TASK INSTRUCTIONS> Write out exactly the line containing "w i2 i3 * A i3 i1" along with each line that follows it in the records below, and no others.

MATERIAL FOR THIS EXERCISE>
○ ○ ○ ○ ○

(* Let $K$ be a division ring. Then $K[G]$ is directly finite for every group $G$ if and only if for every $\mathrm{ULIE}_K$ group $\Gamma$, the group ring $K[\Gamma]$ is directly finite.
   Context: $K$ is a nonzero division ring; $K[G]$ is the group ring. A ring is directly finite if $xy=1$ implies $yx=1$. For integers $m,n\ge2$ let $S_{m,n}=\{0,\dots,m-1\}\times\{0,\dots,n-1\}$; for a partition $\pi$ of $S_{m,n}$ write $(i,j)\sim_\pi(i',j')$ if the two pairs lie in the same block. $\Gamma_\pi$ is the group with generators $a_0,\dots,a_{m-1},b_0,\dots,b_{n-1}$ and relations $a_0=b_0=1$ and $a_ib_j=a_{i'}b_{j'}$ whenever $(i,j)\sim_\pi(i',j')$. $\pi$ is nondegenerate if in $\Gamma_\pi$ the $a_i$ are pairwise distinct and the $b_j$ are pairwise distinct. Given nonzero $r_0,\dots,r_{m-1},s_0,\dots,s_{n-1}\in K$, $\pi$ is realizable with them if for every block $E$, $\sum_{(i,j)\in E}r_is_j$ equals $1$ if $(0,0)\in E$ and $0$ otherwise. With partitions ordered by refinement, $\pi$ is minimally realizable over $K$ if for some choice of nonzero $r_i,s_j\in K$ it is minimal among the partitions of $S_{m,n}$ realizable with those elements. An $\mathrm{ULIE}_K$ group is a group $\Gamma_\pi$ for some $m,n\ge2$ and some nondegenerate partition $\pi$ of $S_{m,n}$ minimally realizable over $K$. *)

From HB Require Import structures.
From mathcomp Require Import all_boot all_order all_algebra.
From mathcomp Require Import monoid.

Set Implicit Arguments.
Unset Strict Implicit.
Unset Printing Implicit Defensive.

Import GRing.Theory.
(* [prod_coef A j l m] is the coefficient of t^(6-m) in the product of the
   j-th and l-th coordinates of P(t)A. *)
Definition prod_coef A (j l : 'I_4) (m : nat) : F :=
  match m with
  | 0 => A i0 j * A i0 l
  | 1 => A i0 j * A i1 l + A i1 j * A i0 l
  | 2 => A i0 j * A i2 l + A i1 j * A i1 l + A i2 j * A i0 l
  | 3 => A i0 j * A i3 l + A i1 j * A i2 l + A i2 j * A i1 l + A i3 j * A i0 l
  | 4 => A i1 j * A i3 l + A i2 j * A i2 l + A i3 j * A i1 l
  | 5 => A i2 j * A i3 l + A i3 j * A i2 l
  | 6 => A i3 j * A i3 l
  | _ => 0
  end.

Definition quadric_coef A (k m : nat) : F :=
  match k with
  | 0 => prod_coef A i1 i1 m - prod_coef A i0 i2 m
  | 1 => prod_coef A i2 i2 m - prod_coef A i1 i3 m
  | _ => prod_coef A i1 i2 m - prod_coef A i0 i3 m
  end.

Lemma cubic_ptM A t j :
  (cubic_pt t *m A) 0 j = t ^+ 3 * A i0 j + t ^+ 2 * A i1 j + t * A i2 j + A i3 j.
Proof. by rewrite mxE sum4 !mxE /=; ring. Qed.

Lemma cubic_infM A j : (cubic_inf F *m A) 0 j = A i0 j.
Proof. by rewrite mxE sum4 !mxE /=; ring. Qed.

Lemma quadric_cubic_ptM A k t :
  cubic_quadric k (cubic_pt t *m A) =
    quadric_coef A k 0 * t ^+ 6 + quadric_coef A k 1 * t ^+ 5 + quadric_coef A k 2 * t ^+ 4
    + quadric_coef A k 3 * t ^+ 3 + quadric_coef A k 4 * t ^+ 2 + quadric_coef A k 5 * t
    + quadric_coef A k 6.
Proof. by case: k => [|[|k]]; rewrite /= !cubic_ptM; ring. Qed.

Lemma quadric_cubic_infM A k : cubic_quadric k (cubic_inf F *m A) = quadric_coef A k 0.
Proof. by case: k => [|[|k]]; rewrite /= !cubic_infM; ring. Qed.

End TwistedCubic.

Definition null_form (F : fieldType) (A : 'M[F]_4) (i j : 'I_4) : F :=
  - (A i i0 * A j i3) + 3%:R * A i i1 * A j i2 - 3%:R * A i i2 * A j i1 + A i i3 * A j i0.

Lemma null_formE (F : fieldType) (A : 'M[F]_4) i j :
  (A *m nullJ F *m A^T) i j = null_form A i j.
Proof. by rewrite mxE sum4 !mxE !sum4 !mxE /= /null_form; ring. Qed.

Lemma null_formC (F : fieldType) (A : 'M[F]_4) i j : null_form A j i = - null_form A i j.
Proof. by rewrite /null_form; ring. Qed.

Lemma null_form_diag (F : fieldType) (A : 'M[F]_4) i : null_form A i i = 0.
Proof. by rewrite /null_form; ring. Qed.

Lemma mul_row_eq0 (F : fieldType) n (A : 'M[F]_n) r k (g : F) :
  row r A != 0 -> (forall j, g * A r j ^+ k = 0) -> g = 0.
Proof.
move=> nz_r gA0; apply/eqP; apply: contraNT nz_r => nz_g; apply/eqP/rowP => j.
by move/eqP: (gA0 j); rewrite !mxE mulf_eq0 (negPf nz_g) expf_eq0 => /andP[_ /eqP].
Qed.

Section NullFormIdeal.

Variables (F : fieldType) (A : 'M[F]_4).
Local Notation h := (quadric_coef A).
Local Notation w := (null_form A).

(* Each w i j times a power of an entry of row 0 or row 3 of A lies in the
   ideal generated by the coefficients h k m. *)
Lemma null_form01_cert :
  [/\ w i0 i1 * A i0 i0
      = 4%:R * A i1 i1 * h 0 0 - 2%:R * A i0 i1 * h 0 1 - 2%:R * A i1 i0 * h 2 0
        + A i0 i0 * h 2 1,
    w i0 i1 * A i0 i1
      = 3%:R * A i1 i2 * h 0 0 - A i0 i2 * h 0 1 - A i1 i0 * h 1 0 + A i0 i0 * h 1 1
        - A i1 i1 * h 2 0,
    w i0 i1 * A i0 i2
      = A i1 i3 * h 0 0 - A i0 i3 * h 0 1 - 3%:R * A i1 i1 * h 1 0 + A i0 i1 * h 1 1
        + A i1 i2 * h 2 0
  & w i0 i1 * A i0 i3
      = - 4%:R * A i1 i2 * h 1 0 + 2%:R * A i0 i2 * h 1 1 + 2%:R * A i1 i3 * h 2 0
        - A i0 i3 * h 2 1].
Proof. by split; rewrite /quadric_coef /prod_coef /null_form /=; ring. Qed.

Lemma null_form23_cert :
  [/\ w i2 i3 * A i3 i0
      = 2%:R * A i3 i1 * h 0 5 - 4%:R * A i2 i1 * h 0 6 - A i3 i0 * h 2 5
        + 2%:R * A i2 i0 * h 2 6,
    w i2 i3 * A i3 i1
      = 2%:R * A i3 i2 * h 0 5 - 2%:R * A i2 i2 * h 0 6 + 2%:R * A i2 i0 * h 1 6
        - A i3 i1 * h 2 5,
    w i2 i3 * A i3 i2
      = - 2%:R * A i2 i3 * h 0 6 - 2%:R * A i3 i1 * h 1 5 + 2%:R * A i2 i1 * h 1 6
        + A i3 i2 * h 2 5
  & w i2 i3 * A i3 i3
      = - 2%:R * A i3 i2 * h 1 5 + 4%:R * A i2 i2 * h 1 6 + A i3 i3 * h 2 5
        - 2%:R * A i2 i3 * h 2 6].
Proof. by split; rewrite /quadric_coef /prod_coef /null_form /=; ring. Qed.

○ ○ ○ ○ ○

WRITTEN ANSWER>
    w i2 i3 * A i3 i1
      = 2%:R * A i3 i2 * h 0 5 - 2%:R * A i2 i2 * h 0 6 + 2%:R * A i2 i0 * h 1 6
        - A i3 i1 * h 2 5,
    w i2 i3 * A i3 i2
      = - 2%:R * A i2 i3 * h 0 6 - 2%:R * A i3 i1 * h 1 5 + 2%:R * A i2 i1 * h 1 6
        + A i3 i2 * h 2 5
  & w i2 i3 * A i3 i3
      = - 2%:R * A i3 i2 * h 1 5 + 4%:R * A i2 i2 * h 1 6 + A i3 i3 * h 2 5
        - 2%:R * A i2 i3 * h 2 6].
Proof. by split; rewrite /quadric_coef /prod_coef /null_form /=; ring. Qed.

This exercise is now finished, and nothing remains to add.